Козопятов аккуратно соблюдая приемы тактического боя, выглянул из-за угла и увидел самое мирное создание, которое только изобрело цивилизованное человечество за тысячелетия своей нелегкой эволюции, – к позиции, мирно шурша резиновыми гусеницами, приближался АДРМ-914. В манипуляторе у робота был зажат какой-то сверток.
Робот тихо выдвинулся из дверного проема, преодолел несколько метров, разделяющие бойцов от Иванова, и замер перед самым носом Козопятова, протянув манипулятор.
- Мина! – зашипел Габидулин и почему-то достал гранату.
- Тише, балбес, – успокоил коллегу Козопятов. – Это бумага обыкновенная.
Сержант Козопятов принял у робота послание и тот, развернувшись, как миниатюрный быстроходный танк, поехал обратно в свою злосчастную квартиру.
Козопятов начал разворачивать сверток:
- Ого, какие буфера! – восторженно произнес он и прихохотнул – дает художник!
Габидулин вырвал из рук сослуживца послание и лихорадочно расстелил его на полу. Увиденное заставило мужественные и закаленные в суровых боях сердца сержантов биться учащенно и глубоко.
С большого листа ватмана формата А-2 на бойцов глядела и соблазнительно улыбалась шикарная обнаженная блондинка.
Иванов не спал уже третью ночь подряд, напряжение нервов и психики было колоссальным, он похудел еще сильнее и стал напоминать злую швабру с красным оперением. Художник с героическим терпением мужественно и отважно противостоял обстоятельствам.
Опасаясь неожиданных атак с улицы, он завалил шкафом и придавил диваном единственное окно своей квартиры-студии, законопатив оставшиеся щели и дыры своей одеждой и мелкими вещами. АДРМ-914 при этом помогал, как мог, насколько позволяли ему технические возможности манипуляторов и оперативная память главного процессора. Окно было замуровано весьма добротно, и Иванов официально поблагодарил материнскую плату робота, стряхнув с нее пыль.

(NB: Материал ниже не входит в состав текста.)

(* Differentiating term by term, [W' = -(sin phi / 4) * sum_k sigma_k^-3], which is
   nonpositive while [W > 0]; this gives (i).  For (ii), with [x = cos phi <= 1/sqrt 2]:
   - [sigma_k^-3 <= 1 + 4 c_k^2 x^2] and [sum_k c_k^2 = n/2] (a telescoping cosine sum),
     so [sum_k sigma_k^-3 <= n (1 + 2 x^2)];
   - [sigma_k <= 1], so [sum_k sigma_k^-1 >= n];
   - [csc t >= 1/t] applied to the two smallest and the two largest angles, and
     [csc >= 1] elsewhere, give [S_n >= 5n/4] once [n >= 10];
   - [sin phi (1 + 2 x^2) <= 1 + 4x/5], a one-variable polynomial inequality.
   Hence [-W'/W <= sin phi * n (1 + 2 x^2) / (5n/4 + n x) <= 4/5]. *)
From Stdlib Require Import Reals Lra Lia.
From Coquelicot Require Import Coquelicot.
Open Scope R_scope.

Lemma rsum_up_ext m f g :
  (forall k, (1 <= k <= m)%nat -> f k = g k) -> rsum_up m f = rsum_up m g.
Proof.
  induction m as [|m IH]; intros H; simpl; [reflexivity|].
  rewrite IH, H; [reflexivity | lia | intros; apply H; lia].
Qed.

Lemma rsum_up_le m f g :
  (forall k, (1 <= k <= m)%nat -> f k <= g k) -> rsum_up m f <= rsum_up m g.
Proof.
  induction m as [|m IH]; intros H; simpl; [lra|].
  apply Rplus_le_compat; [apply IH; intros; apply H | apply H]; lia.
Qed.

Lemma rsum_up_scal m a f : rsum_up m (fun k => a * f k) = a * rsum_up m f.
Proof. induction m as [|m IH]; simpl; [|rewrite IH]; ring. Qed.

Lemma rsum_up_plus m f g :
  rsum_up m (fun k => f k + g k) = rsum_up m f + rsum_up m g.
Proof. induction m as [|m IH]; simpl; [|rewrite IH]; ring. Qed.

Lemma rsum_up_const m a : rsum_up m (fun _ => a) = INR m * a.
Proof. induction m as [|m IH]; simpl rsum_up; [simpl | rewrite IH, S_INR]; ring. Qed.

Lemma rsum_up_shift m f : rsum_up (S m) f = f 1%nat + rsum_up m (fun k => f (S k)).
Proof. induction m as [|m IH]; [simpl | cbn [rsum_up] in *; rewrite IH]; ring. Qed.

Lemma rsum_up_ge_const m a f :
  (forall k, (1 <= k <= m)%nat -> a <= f k) -> INR m * a <= rsum_up m f.
Proof. intros H; rewrite <- rsum_up_const; apply rsum_up_le, H. Qed.

Lemma rsum_up_pos m f :
  (1 <= m)%nat -> (forall k, (1 <= k <= m)%nat -> 0 < f k) -> 0 < rsum_up m f.
Proof.
  destruct m as [|m]; [lia|]; intros _ H; simpl.
  assert (0 <= rsum_up m f).
  { rewrite <- (Rmult_0_r (INR m)); apply rsum_up_ge_const.
    intros; left; apply H; lia. }
  assert (0 < f (S m)) by (apply H; lia).
  lra.
Qed.

Lemma is_derive_rsum_up m (F : nat -> R -> R) (F' : nat -> R) x :
  (forall k, (1 <= k <= m)%nat -> is_derive (F k) x (F' k)) ->
  is_derive (fun y => rsum_up m (fun k => F k y)) x (rsum_up m F').
Proof.
  induction m as [|m IH]; intros H; simpl.
  - apply (is_derive_const 0).
  - apply (is_derive_plus (fun y => rsum_up m (fun k => F k y)) (F (S m)));
      [apply IH; intros; apply H | apply H]; lia.
Qed.

Lemma sin_PI_mul_pos a : 0 < a < 1 -> 0 < sin (PI * a).
Proof. intros. pose proof PI_RGT_0. apply sin_gt_0; nra. Qed.

Lemma sin_l_pos n k : (1 <= k < n)%nat -> 0 < sin (l_ n k).
Proof.
  intros Hk.
  assert (1 <= INR k) by (apply (le_INR 1); lia).
  assert (INR k < INR n) by (apply lt_INR; lia).
  unfold l_; replace (PI * INR k / INR n) with (PI * (INR k / INR n)) by (unfold Rdiv; ring).
  apply sin_PI_mul_pos; split; [apply Rdiv_lt_0_compat | rewrite <- Rdiv_lt_1]; lra.
Qed.

Lemma cos_sq_le_1 x : 0 <= cos x ^ 2 <= 1.
Proof. pose proof (COS_bound x); split; nra. Qed.

Section Sigma.

Variables (n k : nat).
Hypothesis Hk : (1 <= k <= n)%nat.

Lemma c_sq_lt_1 : c_ n k ^ 2 < 1.
Proof.
  assert (1 <= INR k) by (apply (le_INR 1); lia).
  assert (INR k <= INR n) by (apply le_INR; lia).
  set (a := (2 * INR k - 1) / (2 * INR n)).
  assert (0 < a < 1) by (unfold a; split; [apply Rdiv_lt_0_compat | rewrite <- Rdiv_lt_1]; lra).
  unfold c_; replace (PI * (2 * INR k - 1) / (2 * INR n)) with (PI * a)
    by (unfold a, Rdiv; ring).
  pose proof (sin_PI_mul_pos a ltac:(assumption)).
  pose proof (sin2_cos2 (PI * a)); unfold Rsqr in *; nra.
Qed.

Lemma sigma_sq_pos phi : 0 < 1 - c_ n k ^ 2 * cos phi ^ 2.
Proof. pose proof c_sq_lt_1; pose proof (cos_sq_le_1 phi); nra. Qed.

Lemma sigma_pos phi : 0 < sigma_ n k phi.
Proof. apply sqrt_lt_R0, sigma_sq_pos. Qed.

Lemma sigma_sq phi : sigma_ n k phi * sigma_ n k phi = 1 - c_ n k ^ 2 * cos phi ^ 2.
Proof. apply sqrt_sqrt; left; apply sigma_sq_pos. Qed.

Lemma inv_sigma_ge_1 phi : 1 <= / sigma_ n k phi.
Proof.
  pose proof (sigma_pos phi); pose proof (sigma_sq phi).
  assert (0 <= c_ n k ^ 2 * cos phi ^ 2) by (apply Rmult_le_pos; apply pow2_ge_0).
  rewrite <- Rinv_1; apply Rinv_le_contravar; nra.
Qed.

End Sigma.

Lemma sin_mul_sum_cos_odd a m :
  2 * sin a * rsum_up m (fun k => cos ((2 * INR k - 1) * a)) = sin (2 * INR m * a).
Proof.
  induction m as [|m IH].
  - simpl; replace (2 * 0 * a) with 0 by ring; rewrite sin_0; ring.
  - cbn [rsum_up]; rewrite Rmult_plus_distr_l, IH, S_INR.
    set (x := (2 * INR m + 1) * a).
    replace (2 * INR m * a) with (x - a) by (unfold x; ring).
    replace (2 * (INR m + 1) * a) with (x + a) by (unfold x; ring).
    replace ((2 * (INR m + 1) - 1) * a) with x by (unfold x; ring).
    rewrite sin_plus, sin_minus; ring.
Qed.

Lemma sum_c_sq n : (2 <= n)%nat -> rsum_up n (fun k => c_ n k ^ 2) = INR n / 2.
Proof.
  intros Hn.
  assert (Hn0 : 2 <= INR n) by (apply (le_INR 2); lia).
  set (a := PI / INR n).
  assert (Hcos : rsum_up n (fun k => cos ((2 * INR k - 1) * a)) = 0).
  { assert (0 < sin a).
    { unfold a; replace (PI / INR n) with (PI * (1 / INR n)) by (field; lra).
      apply sin_PI_mul_pos; split; [apply Rdiv_lt_0_compat | rewrite <- Rdiv_lt_1]; lra. }
    pose proof (sin_mul_sum_cos_odd a n) as Htel.
    replace (2 * INR n * a) with (2 * PI) in Htel by (unfold a; field; lra).
    rewrite sin_2PI in Htel.
    apply (Rmult_eq_reg_l (2 * sin a)); lra. }
  transitivity (rsum_up n (fun k => / 2 + / 2 * cos ((2 * INR k - 1) * a))).
  - apply rsum_up_ext; intros k _; unfold c_.
    replace ((2 * INR k - 1) * a) with (2 * (PI * (2 * INR k - 1) / (2 * INR n)))
      by (unfold a; field; lra).
    rewrite cos_2a_cos; field.
  - rewrite rsum_up_plus, rsum_up_const, rsum_up_scal, Hcos; field.
Qed.

Lemma is_derive_cos_div_sigma c p :
  c ^ 2 < 1 ->
  is_derive (fun p => cos p * / sqrt (1 - c ^ 2 * cos p ^ 2)) p
    (- sin p * / sqrt (1 - c ^ 2 * cos p ^ 2) ^ 3).
Proof.
  intros Hc.
  assert (Hu : 0 < 1 - c ^ 2 * cos p ^ 2) by (pose proof (cos_sq_le_1 p); nra).
  pose proof (sqrt_lt_R0 _ Hu).
  pose proof (sqrt_sqrt _ (Rlt_le _ _ Hu)) as Hsq.
  auto_derive;
    replace (1 + - (c * (c * 1) * (cos p * (cos p * 1)))) with (1 - c ^ 2 * cos p ^ 2) by ring.
  - repeat split; [lra | apply Rgt_not_eq; lra].
  - set (r := sqrt (1 - c ^ 2 * cos p ^ 2)) in *.
    transitivity (- sin p / r ^ 3 * (r * r + c ^ 2 * cos p ^ 2)); [field; lra|].
    rewrite Hsq; field; lra.
Qed.

Lemma W_alt n phi :
  W_ n phi = S_ n / 4 + / 4 * rsum_up n (fun k => cos phi * / sigma_ n k phi).
Proof. unfold W_, sum1; rewrite rsum_up_scal; field. Qed.

Lemma is_derive_W n phi :
  is_derive (W_ n) phi (- (sin phi / 4) * rsum_up n (fun k => / sigma_ n k phi ^ 3)).
Proof.
  apply is_derive_ext with
    (fun p => S_ n / 4 + / 4 * rsum_up n (fun k => cos p * / sigma_ n k p)).
  { intros; symmetry; apply W_alt. }
  replace (- (sin phi / 4) * rsum_up n (fun k => / sigma_ n k phi ^ 3))
    with (0 + / 4 * rsum_up n (fun k => - sin phi * / sigma_ n k phi ^ 3))
    by (rewrite rsum_up_scal; field).
  apply (is_derive_plus (fun _ => S_ n / 4)); [apply (is_derive_const (S_ n / 4))|].
  apply (is_derive_scal (fun p => rsum_up n (fun k => cos p * / sigma_ n k p))).
  apply (is_derive_rsum_up n (fun k p => cos p * / sigma_ n k p)).
  intros k Hk; apply is_derive_cos_div_sigma, c_sq_lt_1, Hk.
Qed.

Lemma inv_sin_l_ge_1 n k : (1 <= k < n)%nat -> 1 <= / sin (l_ n k).
Proof.
  intros Hk; pose proof (sin_l_pos n k Hk); pose proof (SIN_bound (l_ n k)).
  rewrite <- Rinv_1; apply Rinv_le_contravar; lra.
Qed.

Lemma inv_sin_l_ge_inv_l n k : (1 <= k < n)%nat -> / l_ n k <= / sin (l_ n k).
Proof.
  intros Hk; pose proof (sin_l_pos n k Hk).
  assert (0 < l_ n k).
  { pose proof PI_RGT_0.
    assert (1 <= INR k) by (apply (le_INR 1); lia).
    assert (0 < INR n) by (apply lt_0_INR; lia).
    unfold l_; apply Rdiv_lt_0_compat; nra. }
  apply Rinv_le_contravar; [|left; apply sin_lt_x]; assumption.
Qed.

Lemma sin_l_sym n k : (k <= n)%nat -> (0 < n)%nat -> sin (l_ n (n - k)) = sin (l_ n k).
Proof.
  intros Hk Hn; assert (0 < INR n) by (apply lt_0_INR; lia).
  unfold l_; rewrite minus_INR by lia.
  replace (PI * (INR n - INR k) / INR n) with (PI - PI * INR k / INR n) by (field; lra).
  apply sin_PI_x.
Qed.

Lemma S_pos n : (2 <= n)%nat -> 0 < S_ n.
Proof.
  intros; apply rsum_up_pos; [lia|].
  intros k Hk; pose proof (inv_sin_l_ge_1 n k ltac:(lia)); lra.
Qed.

Вместо вывороченной двери пришлось организовывать противотанковую оборону из ненужных уже книг и мебели – Иванов спроектировал линию технических сооружений, а АДРМ-914 послушно воплотил задуманное. Лишь изредка, покорный заводским установкам, несчастный робот норовил все растащить, воспринимая укрепления как беспорядок, но бесстрашный художник исправил эти пацифистские порывы, выдернув из блока управления АДРМ-914 интеллектуальную плату и оставив роботу возможность выполнения лишь простейших задач.

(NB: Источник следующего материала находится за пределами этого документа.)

(* Let $\mathbb{K}\in\{\mathbb{C},\mathbb{R}\}$, let $f=(f_1,f_2):\mathbb{K}^2\to\mathbb{K}^2$ be a dominant polynomial map whose components have non-zero constant terms, and let $\Gamma$ be an edge of $A=\mathsf{NP}(f_1)\oplus\mathsf{NP}(f_2)$. Then the set $\mathtt{TF}_{\mathbb{K}}(\Gamma)$ does not depend on the choice of $U\in\mathcal{T}_\Gamma$ used in its definition: for any $U,U'\in\mathcal{T}_\Gamma$, the sets $\mathtt{TF}_{\mathbb{K}}(\Gamma)$ defined using $\overline{U}$ and using $\overline{U'}$ coincide.
   Context: Standing setting. $\mathbb{K}^*=\mathbb{K}\setminus\{0\}$. $f=(f_1,f_2)$ with $f_i\in\mathbb{K}[x_1,x_2]$ is dominant and $f_1,f_2$ have non-zero constant terms. The Newton polytope $\mathsf{NP}(P)$ of $P=\sum c_a x^a$ is the convex hull of $\{a: c_a\neq0\}$. $A_i=\mathsf{NP}(f_i)$, $A=A_1\oplus A_2$. The face of a polygon $P$ supported by nonzero $\alpha\in\mathbb{R}^2$ is the set of minimizers of $\langle\alpha,\cdot\rangle$ on $P$. An edge $\Gamma$ of $A$ is a 1-dimensional face; with $\alpha$ supporting it, $\Gamma=\Gamma_1\oplus\Gamma_2$ where $\Gamma_i$ is the face of $A_i$ supported by $\alpha$. $\Gamma$-toric transformations. Let $a_1$ be a vertex of $\Gamma$ of minimal Euclidean norm, $v$ the primitive integer vector from $a_1$ along $\Gamma$, and $w\in\mathbb{Z}^2$ such that $(v,w)$ is a basis of $\mathbb{Z}^2$ and $A-a_1\subset\{b_1v+b_2w:b_1,b_2\ge0\}$. With $T$ the matrix with rows $v,w$, put $U=(T^{-1})^\top$; $\mathcal{T}_\Gamma$ is the set of all such $U$. $U$ maps $\sum c_ax^a$ to $\sum c_a z^{Ua}$. With $\gamma_i$ the vertices of $\Gamma_i$ such that $\gamma_1+\gamma_2=a_1$, set $\overline{U}(f-y):=\big(U(x^{-\gamma_1}(f_1-y_1)),U(x^{-\gamma_2}(f_2-y_2))\big)\in\mathbb{K}[z_1,z_2]^2$. $\mathtt{T}$-multiplicity sets. $\mathrm{Sol}_{\mathbb{K}}(\Gamma)$ is the set of $\rho\in\mathbb{K}^*$ such that $(\rho,0)$ is a common zero of $\overline{U}(f-\tilde y)$ for some $\tilde y\in\mathbb{K}^2$. For $\rho\in\mathrm{Sol}_{\mathbb{K}}(\Gamma)$, $\mathtt{TF}^{\rho}_{\mathbb{K}}(\Gamma)$ is the Euclidean closure of the set of $y\in\mathbb{K}^2$ such that $\overline{U}(f-y)(\rho,0)=0$ and there exist sequences $\varrho_k\in(\mathbb{K}^* )^2$, $y_k\in\mathbb{K}^2$ with $\varrho_k\to(\rho,0)$, $y_k\to y$ and $\overline{U}(f-y_k)(\varrho_k)=0$. Finally $\mathtt{TF}_{\mathbb{K}}(\Gamma)=\bigcup_{\rho\in\mathrm{Sol}_{\mathbb{K}}(\Gamma)}\mathtt{TF}^{\rho}_{\mathbb{K}}(\Gamma)$. *)

From HB Require Import structures.
From mathcomp Require Import all_boot all_order all_algebra.
From mathcomp Require Import reals complex.
Set Implicit Arguments. Unset Strict Implicit. Unset Printing Implicit Defensive.
Import Order.TTheory GRing.Theory Num.Theory.
Local Open Scope ring_scope.

Definition Kfield (R : realType) (isC : bool) : numFieldType :=
  if isC then (R[i] : numFieldType) else (R : numFieldType).

Section Defs.
Variable K : numFieldType.

(* p : {poly {poly K}} encodes sum_(i,j) c_(i,j) x1^i x2^j with
   c_(i,j) = p`_j`_i  (outer variable = x2, inner variable = x1). *)
Definition coef2 (p : {poly {poly K}}) (a : nat * nat) : K := p`_a.2`_a.1.

Definition eval2 (p : {poly {poly K}}) (x : K * K) : K := (p.[x.2%:P]).[x.1].

(* f = (f1,f2) : K^2 -> K^2 is dominant: its image is Zariski dense, i.e. no
   nonzero polynomial vanishes on the image. *)
Definition dominant (f1 f2 : {poly {poly K}}) : Prop :=
  forall g : {poly {poly K}}, g != 0 ->
    exists x : K * K, eval2 g (eval2 f1 x, eval2 f2 x) != 0.

Definition cvgK (u : nat -> K) (l : K) : Prop :=
  forall e : K, 0 < e -> exists N : nat, forall n : nat, (N <= n)%N -> `|u n - l| < e.

Definition closure2 (S : K * K -> Prop) (y : K * K) : Prop :=
  forall e : K, 0 < e -> exists s, S s /\ `|s.1 - y.1| < e /\ `|s.2 - y.2| < e.

Definition Uapp (U : 'M[int]_2) (a : int * int) : int * int :=
  (U 0 0 * a.1 + U 0 1 * a.2, U 1 0 * a.1 + U 1 1 * a.2).

(* Evaluation at z of  U(x^{-g} (p - y)) = sum_a c_a z^{U(a - g)},
   where c_a are the coefficients of p - y. *)
Definition Ubar_eval (U : 'M[int]_2) (g : nat * nat) (p : {poly {poly K}})
    (y : K) (z : K * K) : K :=
  let q := p - (y%:P)%:P in
  \sum_(j < size q) \sum_(i < size q`_j)
     q`_j`_i * (let e := Uapp U ((i%:Z - g.1%:Z), (j%:Z - g.2%:Z)) in
                z.1 ^ e.1 * z.2 ^ e.2).

Definition Ubar_zero (U : 'M[int]_2) (g1 g2 : nat * nat)
    (f1 f2 : {poly {poly K}}) (y : K * K) (z : K * K) : Prop :=
  Ubar_eval U g1 f1 y.1 z = 0 /\ Ubar_eval U g2 f2 y.2 z = 0.

Definition Sol (U : 'M[int]_2) g1 g2 f1 f2 (rho : K) : Prop :=
  rho != 0 /\ exists yt : K * K, Ubar_zero U g1 g2 f1 f2 yt (rho, 0).

Definition TFrho (U : 'M[int]_2) g1 g2 f1 f2 (rho : K) : K * K -> Prop :=
  closure2 (fun y => Ubar_zero U g1 g2 f1 f2 y (rho, 0) /\
    exists (vr : nat -> K * K) (ys : nat -> K * K),
      (forall k, (vr k).1 != 0 /\ (vr k).2 != 0) /\
      cvgK (fun k => (vr k).1) rho /\ cvgK (fun k => (vr k).2) 0 /\
      cvgK (fun k => (ys k).1) y.1 /\ cvgK (fun k => (ys k).2) y.2 /\
      (forall k, Ubar_zero U g1 g2 f1 f2 (ys k) (vr k))).

Definition TF (U : 'M[int]_2) g1 g2 f1 f2 (y : K * K) : Prop :=
  exists rho, Sol U g1 g2 f1 f2 rho /\ TFrho U g1 g2 f1 f2 rho y.

End Defs.

Section Geometry.
Variable R : realType.
Local Notation pt := (R * R)%type.

Definition dot (a b : pt) : R := a.1 * b.1 + a.2 * b.2.
Definition emb (a : nat * nat) : pt := (a.1%:R, a.2%:R).
Definition embZ (a : int * int) : pt := (a.1%:~R, a.2%:~R).

Definition conv (S : pt -> Prop) (x : pt) : Prop :=
  exists (n : nat) (l : 'I_n -> R) (p : 'I_n -> pt),
    (forall i, 0 <= l i) /\ \sum_i l i = 1 /\ (forall i, S (p i)) /\
    x = (\sum_i l i * (p i).1, \sum_i l i * (p i).2).

Definition NP (K : numFieldType) (p : {poly {poly K}}) : pt -> Prop :=
  conv (fun x => exists a, coef2 p a != 0 /\ x = emb a).

Definition msum (P Q : pt -> Prop) (x : pt) : Prop :=
  exists p q, P p /\ Q q /\ x = (p.1 + q.1, p.2 + q.2).

Definition face (P : pt -> Prop) (alpha : pt) (x : pt) : Prop :=
  P x /\ forall y, P y -> dot alpha x <= dot alpha y.

Definition is_edge (P : pt -> Prop) (alpha : pt) : Prop :=
  alpha != (0, 0) /\ exists x y, face P alpha x /\ face P alpha y /\ x <> y.

Definition is_vertex (P : pt -> Prop) (x : pt) : Prop :=
  P x /\ forall y z (t : R), P y -> P z -> 0 < t < 1 ->
    x = (t * y.1 + (1 - t) * z.1, t * y.2 + (1 - t) * z.2) -> y = z.

Definition norm2 (x : pt) : R := x.1 ^+ 2 + x.2 ^+ 2.

Definition Tmat (v w : int * int) : 'M[int]_2 :=
  \matrix_(i < 2, j < 2)
     (if i == 0 then (if j == 0 then v.1 else v.2)
      else (if j == 0 then w.1 else w.2)).

Definition TGamma (A Gamma : pt -> Prop) (a1 : nat * nat) (U : 'M[int]_2) : Prop :=
  exists v w : int * int,
    gcdz v.1 v.2 = 1 /\
    (exists t : R, 0 < t /\
       Gamma ((emb a1).1 + t * (embZ v).1, (emb a1).2 + t * (embZ v).2)) /\
    (v.1 * w.2 - v.2 * w.1 = 1 \/ v.1 * w.2 - v.2 * w.1 = -1) /\
    (forall x, A x -> exists b1 b2 : R, 0 <= b1 /\ 0 <= b2 /\
       x.1 - (emb a1).1 = b1 * (embZ v).1 + b2 * (embZ w).1 /\
       x.2 - (emb a1).2 = b1 * (embZ v).2 + b2 * (embZ w).2) /\
    U = (invmx (Tmat v w))^T.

Когда с доступностью в квартиру было покончено, Иванов подсчитал скупые активы собственного сопротивления могучей государственной системе. Все жизнеобеспечивающие функции в его жилище были заблокированы, продуктов – всевозможных консервов и концентратов – оставалось еще на неделю, по заведенной отшельнической привычке оставался еще изрядный запас воды, но это не прибавляло оптимизма. К тому же вынужденная бессонница существенно подорвала функциональное здоровье – ощущалась слабость всех членов, заторможенная реакция на раздражители, и, в добавление ко всему, Иванов стал хуже видеть, что мешало прицеливаться.
Квартира напоминала собой карьер по добыче угля открытым способом – страшный беспорядок царил на полу, пустые упаковки от концентратов складировались непосредственно там, где их бросил хозяин жилища. Иванов решил не обращать внимания на грязь и пыль, и, в конце концов, аскетизм его жилища приобрел некий диогеновский пофигизм с легким налетом абстракционизма. Холсты и прочие материалы для живописи валялись под ногами и умирали под воздействием равнодушия мастера.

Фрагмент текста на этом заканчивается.